Abstract
Abstract
Shear cutting processes are characterised by physical parameters that change in time and space because of influencing process effects. Those parameters partwise can be measured and recorded by sensors and assigned to causal process effects through detailed evaluation based on analytical models. If the analytical model can classify the causal process effects in detail, the quality of the processed sheet metal component can be monitored on the basis of knowledge about tool wear influences and so a permanent part quality only can be ensured by a preventive tool change. In detail, the quality of the cut surface of a shear cut component to be assessed in this process is influenced by both the tool wear effect of the upper and lower tool, whereby both in fact show a significant influence on the different dimensional and surface characteristics of the cut surface. Analytical models for such analysis often are not available, or, if available, it may deliver only proximate results that needs improvement for the respective process effects. Previous procedures for such prediction purpose are frequently based on large and complex neural networks that require as well as process a huge amount of data.

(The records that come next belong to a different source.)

Lemma twist_cycles p f : cycles z' p f -> cycles z p (twist f).
Proof.
move=> [df Df]; split; first exact: kos_deg_twist.
by rewrite twist_chain Df linear0.
Qed.

Lemma untwist_cycles p f : cycles z p f -> cycles z' p (untwist f).
Proof.
move=> [df Df]; split; first exact: kos_deg_untwist.
by rewrite untwist_chain Df linear0.
Qed.

Lemma twist_boundaries p f : boundaries z' p f -> boundaries z p (twist f).
Proof.
by move=> [g [dg ->]]; exists (twist g); rewrite twist_chain; split => //;
  exact: kos_deg_twist.
Qed.

Lemma untwist_boundaries p f : boundaries z p f -> boundaries z' p (untwist f).
Proof.
by move=> [g [dg ->]]; exists (untwist g); rewrite untwist_chain; split => //;
  exact: kos_deg_untwist.
Qed.

Lemma kos_hdim_twist p d :
  kos_hdim M z' p d <-> kos_hdim M z p d.
Proof.
rewrite !kos_hdimE; split; apply: subquot_dim_iso.
- exact: twist_cycles.
- exact: twist_boundaries.
- exact: untwist_cycles.
- exact: untwist_boundaries.
- exact: twistK.
- exact: untwistK.
- exact: untwist_cycles.
- exact: untwist_boundaries.
- exact: twist_cycles.
- exact: twist_boundaries.
- exact: untwistK.
- exact: twistK.
Qed.

End Twisting.

Section SnocZero.
Variables (k : fieldType) (R : comAlgType k) (M : lmodType R) (m : nat).
Local Notation V0 := {ffun {set 'I_m} -> M}.
Local Notation V1 := {ffun {set 'I_m.+1} -> M}.
Local Notation wo := (widen_ord (leqnSn m)).
Implicit Types (S : {set 'I_m}) (T : {set 'I_m.+1}).

Definition widen_set S : {set 'I_m.+1} := wo @: S.
Definition restrict_set T : {set 'I_m} := [set j | wo j \in T].

Lemma wo_inj : injective wo.
Proof. by move=> a b /(congr1 val) /= /val_inj. Qed.

Lemma wo_neq_max j : (wo j == ord_max) = false.
Proof. by apply/negbTE; rewrite -(inj_eq val_inj) /= neq_ltn ltn_ord. Qed.

Lemma ord_max_or_wo (t : 'I_m.+1) : t = ord_max \/ exists j, t = wo j.
Proof.
case: (ltnP t m) => h; first by right; exists (Ordinal h); apply: val_inj.
by left; apply: val_inj => /=; apply/eqP; rewrite eqn_leq h -ltnS ltn_ord.
Qed.

Lemma mem_widen_set S j : (wo j \in widen_set S) = (j \in S).
Proof. exact: mem_imset wo_inj. Qed.

Lemma max_notin_widen_set S : ord_max \notin widen_set S.
Proof. by apply/imsetP => -[j _ /eqP]; rewrite eq_sym wo_neq_max. Qed.

Lemma widen_setK S : restrict_set (widen_set S) = S.
Proof. by apply/setP => j; rewrite inE mem_widen_set. Qed.

Lemma restrict_setU1max T : restrict_set (ord_max |: T) = restrict_set T.
Proof. by apply/setP => j; rewrite !inE wo_neq_max. Qed.

Lemma card_widen_set S : #|widen_set S| = #|S|.
Proof. exact: card_imset wo_inj. Qed.

Lemma widen_setU1 S j : widen_set (j |: S) = wo j |: widen_set S.
Proof. exact: imsetU1. Qed.

Lemma restrict_setK T : T =
  if ord_max \in T then ord_max |: widen_set (restrict_set T)
  else widen_set (restrict_set T).
Proof.
apply/setP => t; case: (ord_max_or_wo t) => [->|[j ->]].
  by case: ifP => h; rewrite ?inE ?eqxx // (negbTE (max_notin_widen_set _)).
by case: ifP => _; rewrite ?inE ?wo_neq_max /= mem_widen_set inE.
Qed.

Lemma kos_sign_widen S j : kos_sign (widen_set S) (wo j) = kos_sign S j :> R.
Proof.
rewrite /kos_sign; congr (_ ^+ _); rewrite -card_widen_set; apply: eq_card => t.
rewrite !inE; case: (ord_max_or_wo t) => [->|[i ->]].
  by rewrite (negbTE (max_notin_widen_set _)) /= (negbTE (max_notin_widen_set _)).
by rewrite !mem_widen_set inE.
Qed.

Lemma kos_sign_max_widen S j :
  kos_sign (ord_max |: widen_set S) (wo j) = kos_sign S j :> R.
Proof.
rewrite -(kos_sign_widen S j) /kos_sign; congr (_ ^+ _); apply: eq_card => t.
rewrite !inE; case: eqP => [->|//] /=.
by rewrite (negbTE (max_notin_widen_set _)) /=; apply/negbTE; rewrite -leqNgt ltnW.
Qed.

In this regard, a novel evaluation method has shown great potential for data-driven quantification of tool wear effects and looks capable of far outperforming previous process evaluation methods in its performance under different process conditions. In previous studies, specific upper and/or lower tool wear was not considered in a separate manner and a detailed inspection of the finished cut surface there for could not be carried out. This paper investigates how a data-driven approach can be used to evaluate specific wear effects of upper and lower tools in a differentiated manner, and in which degree of detail the main quality characteristics of the cutting surface in a shearing process thus can be assessed.